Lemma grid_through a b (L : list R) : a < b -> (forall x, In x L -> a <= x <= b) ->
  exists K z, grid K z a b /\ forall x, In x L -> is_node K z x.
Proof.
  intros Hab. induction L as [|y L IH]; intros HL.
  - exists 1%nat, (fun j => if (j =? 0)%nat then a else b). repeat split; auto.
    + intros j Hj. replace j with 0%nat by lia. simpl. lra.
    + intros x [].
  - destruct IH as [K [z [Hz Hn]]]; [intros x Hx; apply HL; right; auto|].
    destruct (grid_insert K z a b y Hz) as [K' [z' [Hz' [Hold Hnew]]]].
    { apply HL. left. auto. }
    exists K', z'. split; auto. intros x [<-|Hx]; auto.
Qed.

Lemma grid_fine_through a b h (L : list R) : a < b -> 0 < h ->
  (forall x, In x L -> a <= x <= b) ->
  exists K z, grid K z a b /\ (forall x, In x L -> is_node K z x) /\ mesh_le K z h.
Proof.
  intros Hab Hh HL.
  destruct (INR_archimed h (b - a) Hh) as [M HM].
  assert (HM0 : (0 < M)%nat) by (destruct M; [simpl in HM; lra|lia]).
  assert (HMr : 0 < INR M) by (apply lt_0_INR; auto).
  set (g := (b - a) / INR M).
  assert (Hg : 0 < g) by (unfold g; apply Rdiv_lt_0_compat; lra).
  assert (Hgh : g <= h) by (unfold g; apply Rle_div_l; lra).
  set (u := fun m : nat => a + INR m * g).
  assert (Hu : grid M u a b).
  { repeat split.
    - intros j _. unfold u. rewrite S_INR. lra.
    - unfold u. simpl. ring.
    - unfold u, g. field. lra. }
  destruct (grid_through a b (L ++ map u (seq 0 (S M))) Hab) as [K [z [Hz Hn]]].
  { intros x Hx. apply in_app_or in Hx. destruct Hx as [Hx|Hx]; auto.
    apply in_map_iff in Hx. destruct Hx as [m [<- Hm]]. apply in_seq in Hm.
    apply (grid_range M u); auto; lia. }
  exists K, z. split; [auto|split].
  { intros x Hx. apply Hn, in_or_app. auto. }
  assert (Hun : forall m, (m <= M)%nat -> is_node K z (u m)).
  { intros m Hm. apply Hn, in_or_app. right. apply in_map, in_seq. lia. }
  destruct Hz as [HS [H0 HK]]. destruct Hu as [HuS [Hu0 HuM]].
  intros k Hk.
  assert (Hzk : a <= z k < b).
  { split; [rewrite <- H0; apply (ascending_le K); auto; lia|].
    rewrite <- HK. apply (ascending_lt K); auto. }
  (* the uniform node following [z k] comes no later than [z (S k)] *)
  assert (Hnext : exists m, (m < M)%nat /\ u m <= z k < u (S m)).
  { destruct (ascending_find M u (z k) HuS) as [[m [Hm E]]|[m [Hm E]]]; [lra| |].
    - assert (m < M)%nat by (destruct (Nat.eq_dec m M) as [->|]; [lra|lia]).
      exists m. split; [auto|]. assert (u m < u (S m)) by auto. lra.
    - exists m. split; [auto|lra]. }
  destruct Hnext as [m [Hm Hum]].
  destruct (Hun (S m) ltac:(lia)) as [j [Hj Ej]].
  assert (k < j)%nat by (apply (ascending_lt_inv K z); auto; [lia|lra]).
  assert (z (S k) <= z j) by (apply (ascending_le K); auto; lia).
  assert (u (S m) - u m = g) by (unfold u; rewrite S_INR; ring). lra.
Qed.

**EXERCISE**
Write the listing out again, matching every line exactly.

**WRITTEN RESPONSE**
Lemma grid_through a b (L : list R) : a < b -> (forall x, In x L -> a <= x <= b) ->
  exists K z, grid K z a b /\ forall x, In x L -> is_node K z x.
Proof.
  intros Hab. induction L as [|y L IH]; intros HL.
  - exists 1%nat, (fun j => if (j =? 0)%nat then a else b). repeat split; auto.
    + intros j Hj. replace j with 0%nat by lia. simpl. lra.
    + intros x [].
  - destruct IH as [K [z [Hz Hn]]]; [intros x Hx; apply HL; right; auto|].
    destruct (grid_insert K z a b y Hz) as [K' [z' [Hz' [Hold Hnew]]]].
    { apply HL. left. auto. }
    exists K', z'. split; auto. intros x [<-|Hx]; auto.
Qed.

Lemma grid_fine_through a b h (L : list R) : a < b -> 0 < h ->
  (forall x, In x L -> a <= x <= b) ->
  exists K z, grid K z a b /\ (forall x, In x L -> is_node K z x) /\ mesh_le K z h.
Proof.
  intros Hab Hh HL.
  destruct (INR_archimed h (b - a) Hh) as [M HM].
  assert (HM0 : (0 < M)%nat) by (destruct M; [simpl in HM; lra|lia]).
  assert (HMr : 0 < INR M) by (apply lt_0_INR; auto).
  set (g := (b - a) / INR M).
  assert (Hg : 0 < g) by (unfold g; apply Rdiv_lt_0_compat; lra).
  assert (Hgh : g <= h) by (unfold g; apply Rle_div_l; lra).
  set (u := fun m : nat => a + INR m * g).
  assert (Hu : grid M u a b).
  { repeat split.
    - intros j _. unfold u. rewrite S_INR. lra.
    - unfold u. simpl. ring.
    - unfold u, g. field. lra. }
  destruct (grid_through a b (L ++ map u (seq 0 (S M))) Hab) as [K [z [Hz Hn]]].
  { intros x Hx. apply in_app_or in Hx. destruct Hx as [Hx|Hx]; auto.
    apply in_map_iff in Hx. destruct Hx as [m [<- Hm]]. apply in_seq in Hm.
    apply (grid_range M u); auto; lia. }
  exists K, z. split; [auto|split].
  { intros x Hx. apply Hn, in_or_app. auto. }
  assert (Hun : forall m, (m <= M)%nat -> is_node K z (u m)).
  { intros m Hm. apply Hn, in_or_app. right. apply in_map, in_seq. lia. }
  destruct Hz as [HS [H0 HK]]. destruct Hu as [HuS [Hu0 HuM]].
  intros k Hk.
  assert (Hzk : a <= z k < b).
  { split; [rewrite <- H0; apply (ascending_le K); auto; lia|].
    rewrite <- HK. apply (ascending_lt K); auto. }
  (* the uniform node following [z k] comes no later than [z (S k)] *)
  assert (Hnext : exists m, (m < M)%nat /\ u m <= z k < u (S m)).
  { destruct (ascending_find M u (z k) HuS) as [[m [Hm E]]|[m [Hm E]]]; [lra| |].
    - assert (m < M)%nat by (destruct (Nat.eq_dec m M) as [->|]; [lra|lia]).
      exists m. split; [auto|]. assert (u m < u (S m)) by auto. lra.
    - exists m. split; [auto|lra]. }
  destruct Hnext as [m [Hm Hum]].
  destruct (Hun (S m) ltac:(lia)) as [j [Hj Ej]].
  assert (k < j)%nat by (apply (ascending_lt_inv K z); auto; [lia|lra]).
  assert (z (S k) <= z j) by (apply (ascending_le K); auto; lia).
  assert (u (S m) - u m = g) by (unfold u; rewrite S_INR; ring). lra.
Qed.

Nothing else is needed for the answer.